Data items
------
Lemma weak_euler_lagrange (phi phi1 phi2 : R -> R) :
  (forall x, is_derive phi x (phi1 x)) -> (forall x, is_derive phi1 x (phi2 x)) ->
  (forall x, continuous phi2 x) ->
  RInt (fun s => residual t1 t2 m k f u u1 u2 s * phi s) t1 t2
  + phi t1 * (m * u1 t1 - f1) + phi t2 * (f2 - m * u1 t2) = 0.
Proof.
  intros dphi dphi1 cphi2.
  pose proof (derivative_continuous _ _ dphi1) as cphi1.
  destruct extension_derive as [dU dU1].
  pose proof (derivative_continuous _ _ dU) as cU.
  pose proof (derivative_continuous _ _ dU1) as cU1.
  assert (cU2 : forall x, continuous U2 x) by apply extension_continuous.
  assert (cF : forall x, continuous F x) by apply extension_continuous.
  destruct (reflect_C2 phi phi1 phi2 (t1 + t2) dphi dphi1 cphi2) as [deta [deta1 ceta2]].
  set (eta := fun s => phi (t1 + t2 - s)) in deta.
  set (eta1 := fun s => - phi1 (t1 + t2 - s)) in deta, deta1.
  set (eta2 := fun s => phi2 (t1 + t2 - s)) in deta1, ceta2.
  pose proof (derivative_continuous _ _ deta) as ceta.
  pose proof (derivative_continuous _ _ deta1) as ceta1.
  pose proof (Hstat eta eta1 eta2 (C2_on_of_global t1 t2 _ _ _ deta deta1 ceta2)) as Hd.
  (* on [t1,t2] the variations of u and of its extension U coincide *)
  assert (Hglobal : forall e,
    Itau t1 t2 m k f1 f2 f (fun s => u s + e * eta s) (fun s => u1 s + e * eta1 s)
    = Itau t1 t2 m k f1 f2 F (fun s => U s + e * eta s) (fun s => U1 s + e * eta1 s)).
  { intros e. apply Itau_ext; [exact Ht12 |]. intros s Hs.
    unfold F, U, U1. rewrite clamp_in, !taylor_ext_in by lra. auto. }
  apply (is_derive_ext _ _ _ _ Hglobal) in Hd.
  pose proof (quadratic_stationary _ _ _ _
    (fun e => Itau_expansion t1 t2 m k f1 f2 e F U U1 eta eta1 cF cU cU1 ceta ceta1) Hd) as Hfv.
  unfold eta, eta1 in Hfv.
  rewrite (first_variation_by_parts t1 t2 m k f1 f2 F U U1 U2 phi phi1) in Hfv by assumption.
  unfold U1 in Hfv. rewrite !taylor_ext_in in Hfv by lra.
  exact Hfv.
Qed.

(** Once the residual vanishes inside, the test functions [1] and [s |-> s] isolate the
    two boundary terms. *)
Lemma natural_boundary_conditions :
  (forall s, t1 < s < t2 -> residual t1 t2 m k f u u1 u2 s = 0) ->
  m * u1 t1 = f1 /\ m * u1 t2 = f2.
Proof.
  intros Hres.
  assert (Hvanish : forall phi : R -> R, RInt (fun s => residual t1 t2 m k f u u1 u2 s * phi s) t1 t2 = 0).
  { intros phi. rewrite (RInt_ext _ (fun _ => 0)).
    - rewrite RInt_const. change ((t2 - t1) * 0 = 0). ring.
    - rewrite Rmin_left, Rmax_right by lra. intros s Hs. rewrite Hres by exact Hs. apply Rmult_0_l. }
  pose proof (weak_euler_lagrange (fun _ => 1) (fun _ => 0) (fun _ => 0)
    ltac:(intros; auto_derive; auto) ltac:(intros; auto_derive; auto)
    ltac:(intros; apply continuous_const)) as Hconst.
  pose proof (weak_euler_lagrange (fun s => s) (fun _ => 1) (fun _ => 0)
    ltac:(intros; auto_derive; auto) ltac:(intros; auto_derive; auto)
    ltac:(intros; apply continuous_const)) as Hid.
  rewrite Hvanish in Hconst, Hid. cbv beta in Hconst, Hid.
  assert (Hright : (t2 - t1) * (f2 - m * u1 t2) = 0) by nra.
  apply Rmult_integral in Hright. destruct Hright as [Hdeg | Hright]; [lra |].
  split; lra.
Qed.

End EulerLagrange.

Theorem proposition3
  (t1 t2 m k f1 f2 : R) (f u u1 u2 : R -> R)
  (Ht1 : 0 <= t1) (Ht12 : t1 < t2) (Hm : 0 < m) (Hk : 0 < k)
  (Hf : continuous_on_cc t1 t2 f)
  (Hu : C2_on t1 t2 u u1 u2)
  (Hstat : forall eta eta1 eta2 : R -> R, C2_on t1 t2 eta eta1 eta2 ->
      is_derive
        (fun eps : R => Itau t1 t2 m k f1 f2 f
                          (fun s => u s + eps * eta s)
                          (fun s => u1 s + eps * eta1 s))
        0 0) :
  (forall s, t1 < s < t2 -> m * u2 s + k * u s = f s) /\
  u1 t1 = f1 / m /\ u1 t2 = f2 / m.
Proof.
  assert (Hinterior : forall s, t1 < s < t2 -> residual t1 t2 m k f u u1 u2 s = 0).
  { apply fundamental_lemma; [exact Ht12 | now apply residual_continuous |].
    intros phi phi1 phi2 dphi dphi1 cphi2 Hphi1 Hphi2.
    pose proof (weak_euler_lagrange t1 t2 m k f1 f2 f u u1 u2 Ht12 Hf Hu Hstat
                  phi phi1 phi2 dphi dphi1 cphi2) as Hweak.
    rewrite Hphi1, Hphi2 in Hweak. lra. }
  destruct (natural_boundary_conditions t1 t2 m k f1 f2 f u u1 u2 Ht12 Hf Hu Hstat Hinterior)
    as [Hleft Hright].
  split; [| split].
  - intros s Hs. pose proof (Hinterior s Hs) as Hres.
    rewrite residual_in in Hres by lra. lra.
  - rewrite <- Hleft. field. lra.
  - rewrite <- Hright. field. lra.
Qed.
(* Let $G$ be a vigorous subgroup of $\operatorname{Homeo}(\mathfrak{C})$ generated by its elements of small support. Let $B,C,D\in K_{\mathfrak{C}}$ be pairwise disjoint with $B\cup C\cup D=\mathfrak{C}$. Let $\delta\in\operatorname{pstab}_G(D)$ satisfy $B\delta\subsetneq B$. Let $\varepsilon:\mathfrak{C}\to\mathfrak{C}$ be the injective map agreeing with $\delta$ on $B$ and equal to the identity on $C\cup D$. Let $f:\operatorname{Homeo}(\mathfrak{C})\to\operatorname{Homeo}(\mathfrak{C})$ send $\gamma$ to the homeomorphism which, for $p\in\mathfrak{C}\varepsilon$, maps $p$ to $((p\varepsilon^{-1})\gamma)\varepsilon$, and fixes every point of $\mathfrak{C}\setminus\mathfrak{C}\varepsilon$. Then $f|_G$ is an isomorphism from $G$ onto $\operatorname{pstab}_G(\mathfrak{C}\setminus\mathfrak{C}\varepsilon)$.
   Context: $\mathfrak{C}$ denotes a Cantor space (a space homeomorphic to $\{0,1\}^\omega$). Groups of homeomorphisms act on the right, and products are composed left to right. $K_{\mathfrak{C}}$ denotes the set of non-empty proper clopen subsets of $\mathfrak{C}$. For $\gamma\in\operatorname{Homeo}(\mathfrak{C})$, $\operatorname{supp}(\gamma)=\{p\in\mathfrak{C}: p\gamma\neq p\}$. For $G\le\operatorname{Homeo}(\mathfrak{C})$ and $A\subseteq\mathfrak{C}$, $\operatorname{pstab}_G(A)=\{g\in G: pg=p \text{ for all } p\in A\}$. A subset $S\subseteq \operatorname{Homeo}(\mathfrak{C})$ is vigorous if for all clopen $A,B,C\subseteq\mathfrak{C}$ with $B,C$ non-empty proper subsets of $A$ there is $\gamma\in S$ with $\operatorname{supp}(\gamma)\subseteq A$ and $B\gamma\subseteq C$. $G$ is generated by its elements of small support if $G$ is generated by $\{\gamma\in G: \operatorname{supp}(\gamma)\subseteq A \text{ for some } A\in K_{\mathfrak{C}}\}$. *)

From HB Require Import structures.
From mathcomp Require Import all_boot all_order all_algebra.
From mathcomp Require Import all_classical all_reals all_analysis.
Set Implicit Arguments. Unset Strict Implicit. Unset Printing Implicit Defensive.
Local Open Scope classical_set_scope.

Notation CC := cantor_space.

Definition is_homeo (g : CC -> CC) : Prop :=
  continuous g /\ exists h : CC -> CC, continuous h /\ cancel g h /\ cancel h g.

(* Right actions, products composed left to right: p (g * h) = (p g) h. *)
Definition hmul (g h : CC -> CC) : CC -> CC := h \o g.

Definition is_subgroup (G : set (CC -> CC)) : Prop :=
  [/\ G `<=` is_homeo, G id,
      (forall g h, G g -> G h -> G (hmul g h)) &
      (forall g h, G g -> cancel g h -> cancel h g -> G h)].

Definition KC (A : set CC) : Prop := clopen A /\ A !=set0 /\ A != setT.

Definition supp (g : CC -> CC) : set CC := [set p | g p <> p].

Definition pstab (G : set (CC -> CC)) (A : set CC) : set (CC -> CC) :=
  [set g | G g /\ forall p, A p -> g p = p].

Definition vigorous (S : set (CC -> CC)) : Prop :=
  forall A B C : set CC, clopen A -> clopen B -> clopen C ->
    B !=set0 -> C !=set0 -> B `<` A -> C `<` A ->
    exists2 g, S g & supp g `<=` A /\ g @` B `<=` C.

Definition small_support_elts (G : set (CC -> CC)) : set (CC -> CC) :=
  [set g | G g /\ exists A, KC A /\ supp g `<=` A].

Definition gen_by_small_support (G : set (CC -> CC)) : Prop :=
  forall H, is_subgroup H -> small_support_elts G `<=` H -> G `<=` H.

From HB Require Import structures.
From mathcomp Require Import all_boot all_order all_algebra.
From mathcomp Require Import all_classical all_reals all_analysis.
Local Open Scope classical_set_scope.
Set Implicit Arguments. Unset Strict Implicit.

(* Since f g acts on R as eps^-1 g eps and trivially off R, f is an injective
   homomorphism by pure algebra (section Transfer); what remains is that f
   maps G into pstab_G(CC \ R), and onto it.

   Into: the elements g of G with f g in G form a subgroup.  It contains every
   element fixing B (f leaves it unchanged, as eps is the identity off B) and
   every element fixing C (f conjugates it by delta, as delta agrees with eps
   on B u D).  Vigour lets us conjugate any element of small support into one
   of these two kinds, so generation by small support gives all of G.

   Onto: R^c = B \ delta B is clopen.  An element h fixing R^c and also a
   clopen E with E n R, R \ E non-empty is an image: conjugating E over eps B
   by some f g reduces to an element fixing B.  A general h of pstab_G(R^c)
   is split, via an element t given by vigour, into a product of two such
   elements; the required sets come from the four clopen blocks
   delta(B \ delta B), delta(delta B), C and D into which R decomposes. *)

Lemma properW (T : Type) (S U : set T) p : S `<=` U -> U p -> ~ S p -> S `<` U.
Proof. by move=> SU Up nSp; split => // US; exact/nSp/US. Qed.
------
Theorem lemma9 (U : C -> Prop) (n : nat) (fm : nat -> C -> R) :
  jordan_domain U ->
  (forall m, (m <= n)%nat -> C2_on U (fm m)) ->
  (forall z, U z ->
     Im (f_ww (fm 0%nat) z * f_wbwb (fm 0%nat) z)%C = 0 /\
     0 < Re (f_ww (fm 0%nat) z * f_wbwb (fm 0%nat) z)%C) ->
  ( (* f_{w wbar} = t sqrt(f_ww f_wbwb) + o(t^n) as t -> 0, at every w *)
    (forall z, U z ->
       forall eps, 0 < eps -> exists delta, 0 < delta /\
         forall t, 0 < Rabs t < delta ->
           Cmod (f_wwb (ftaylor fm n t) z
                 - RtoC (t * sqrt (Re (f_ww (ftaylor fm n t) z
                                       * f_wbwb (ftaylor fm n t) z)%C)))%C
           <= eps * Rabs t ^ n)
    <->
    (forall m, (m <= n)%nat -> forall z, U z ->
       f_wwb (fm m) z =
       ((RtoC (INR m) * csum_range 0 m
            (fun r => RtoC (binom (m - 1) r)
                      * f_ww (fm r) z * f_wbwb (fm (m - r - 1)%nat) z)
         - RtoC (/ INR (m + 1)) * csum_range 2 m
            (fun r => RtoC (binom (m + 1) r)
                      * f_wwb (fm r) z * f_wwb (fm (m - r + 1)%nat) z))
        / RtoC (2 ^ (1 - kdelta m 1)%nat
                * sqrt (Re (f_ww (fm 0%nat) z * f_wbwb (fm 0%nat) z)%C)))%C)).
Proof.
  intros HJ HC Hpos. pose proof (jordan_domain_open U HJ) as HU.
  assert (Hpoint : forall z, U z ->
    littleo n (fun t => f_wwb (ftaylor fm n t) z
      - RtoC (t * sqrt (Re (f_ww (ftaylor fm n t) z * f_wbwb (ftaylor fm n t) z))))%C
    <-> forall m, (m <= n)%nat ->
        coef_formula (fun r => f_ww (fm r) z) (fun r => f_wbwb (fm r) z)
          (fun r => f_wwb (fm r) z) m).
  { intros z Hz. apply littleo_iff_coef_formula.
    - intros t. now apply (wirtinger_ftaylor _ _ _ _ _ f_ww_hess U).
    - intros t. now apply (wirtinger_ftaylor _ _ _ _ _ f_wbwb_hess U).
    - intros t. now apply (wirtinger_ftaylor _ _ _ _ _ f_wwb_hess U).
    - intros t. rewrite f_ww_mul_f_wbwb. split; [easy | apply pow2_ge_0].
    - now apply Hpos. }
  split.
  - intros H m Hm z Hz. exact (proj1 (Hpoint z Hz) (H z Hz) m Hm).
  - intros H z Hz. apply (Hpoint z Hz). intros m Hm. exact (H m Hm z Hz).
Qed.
------
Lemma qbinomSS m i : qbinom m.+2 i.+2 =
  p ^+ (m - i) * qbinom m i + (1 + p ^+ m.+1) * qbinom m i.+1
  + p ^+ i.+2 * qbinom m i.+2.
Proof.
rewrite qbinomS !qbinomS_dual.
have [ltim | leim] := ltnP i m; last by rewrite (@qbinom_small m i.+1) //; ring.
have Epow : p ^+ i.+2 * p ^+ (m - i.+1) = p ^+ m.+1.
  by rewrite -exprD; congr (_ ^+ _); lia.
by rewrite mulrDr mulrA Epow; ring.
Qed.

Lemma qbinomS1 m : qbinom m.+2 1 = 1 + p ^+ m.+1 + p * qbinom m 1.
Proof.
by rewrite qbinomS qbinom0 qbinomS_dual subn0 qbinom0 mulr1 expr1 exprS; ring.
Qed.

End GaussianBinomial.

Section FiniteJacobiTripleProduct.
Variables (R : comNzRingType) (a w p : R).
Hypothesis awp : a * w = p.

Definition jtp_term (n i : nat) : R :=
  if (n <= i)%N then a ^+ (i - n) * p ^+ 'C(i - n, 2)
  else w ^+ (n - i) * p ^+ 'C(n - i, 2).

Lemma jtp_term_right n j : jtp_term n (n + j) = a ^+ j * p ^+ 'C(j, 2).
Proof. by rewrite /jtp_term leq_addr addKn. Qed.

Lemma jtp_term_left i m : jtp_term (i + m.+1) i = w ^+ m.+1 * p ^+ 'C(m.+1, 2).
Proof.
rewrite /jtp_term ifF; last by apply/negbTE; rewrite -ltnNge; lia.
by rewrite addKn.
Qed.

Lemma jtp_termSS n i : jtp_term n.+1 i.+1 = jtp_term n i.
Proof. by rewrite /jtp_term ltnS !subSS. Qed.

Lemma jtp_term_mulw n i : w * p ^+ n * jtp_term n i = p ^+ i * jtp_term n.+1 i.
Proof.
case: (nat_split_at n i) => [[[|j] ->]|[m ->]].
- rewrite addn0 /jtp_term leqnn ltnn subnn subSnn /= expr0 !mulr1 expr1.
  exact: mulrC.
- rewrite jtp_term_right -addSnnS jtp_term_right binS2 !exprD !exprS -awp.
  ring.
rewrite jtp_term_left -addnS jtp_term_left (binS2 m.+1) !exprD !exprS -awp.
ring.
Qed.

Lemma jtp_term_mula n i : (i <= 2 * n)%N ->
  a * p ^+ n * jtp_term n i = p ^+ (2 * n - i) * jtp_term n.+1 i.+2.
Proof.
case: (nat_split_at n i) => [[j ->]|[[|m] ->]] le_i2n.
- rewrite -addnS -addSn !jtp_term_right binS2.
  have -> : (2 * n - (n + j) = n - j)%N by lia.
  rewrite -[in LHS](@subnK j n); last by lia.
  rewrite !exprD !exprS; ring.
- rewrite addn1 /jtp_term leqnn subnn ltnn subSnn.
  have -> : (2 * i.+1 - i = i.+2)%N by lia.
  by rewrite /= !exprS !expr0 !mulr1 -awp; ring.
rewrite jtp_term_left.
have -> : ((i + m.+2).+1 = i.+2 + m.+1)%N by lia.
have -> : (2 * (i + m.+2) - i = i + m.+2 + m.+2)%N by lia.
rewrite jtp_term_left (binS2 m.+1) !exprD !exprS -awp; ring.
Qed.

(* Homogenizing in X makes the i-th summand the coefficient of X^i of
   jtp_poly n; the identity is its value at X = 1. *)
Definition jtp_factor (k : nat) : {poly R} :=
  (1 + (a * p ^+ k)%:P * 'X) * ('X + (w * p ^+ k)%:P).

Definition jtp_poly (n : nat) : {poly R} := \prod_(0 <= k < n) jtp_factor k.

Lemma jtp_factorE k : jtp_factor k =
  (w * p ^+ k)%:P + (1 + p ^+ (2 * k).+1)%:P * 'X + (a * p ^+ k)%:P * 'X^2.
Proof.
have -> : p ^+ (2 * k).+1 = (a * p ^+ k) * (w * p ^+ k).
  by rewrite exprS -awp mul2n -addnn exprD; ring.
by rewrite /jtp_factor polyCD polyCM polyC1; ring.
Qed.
------
# Exercise
Print exactly the lines above, between the one holding "split; [| split]." and the one holding "(* Let $G$ be", inclusive, and nothing besides.

# Task output
  split; [| split].
  - intros s Hs. pose proof (Hinterior s Hs) as Hres.
    rewrite residual_in in Hres by lra. lra.
  - rewrite <- Hleft. field. lra.
  - rewrite <- Hright. field. lra.
Qed.
(* Let $G$ be a vigorous subgroup of $\operatorname{Homeo}(\mathfrak{C})$ generated by its elements of small support. Let $B,C,D\in K_{\mathfrak{C}}$ be pairwise disjoint with $B\cup C\cup D=\mathfrak{C}$. Let $\delta\in\operatorname{pstab}_G(D)$ satisfy $B\delta\subsetneq B$. Let $\varepsilon:\mathfrak{C}\to\mathfrak{C}$ be the injective map agreeing with $\delta$ on $B$ and equal to the identity on $C\cup D$. Let $f:\operatorname{Homeo}(\mathfrak{C})\to\operatorname{Homeo}(\mathfrak{C})$ send $\gamma$ to the homeomorphism which, for $p\in\mathfrak{C}\varepsilon$, maps $p$ to $((p\varepsilon^{-1})\gamma)\varepsilon$, and fixes every point of $\mathfrak{C}\setminus\mathfrak{C}\varepsilon$. Then $f|_G$ is an isomorphism from $G$ onto $\operatorname{pstab}_G(\mathfrak{C}\setminus\mathfrak{C}\varepsilon)$.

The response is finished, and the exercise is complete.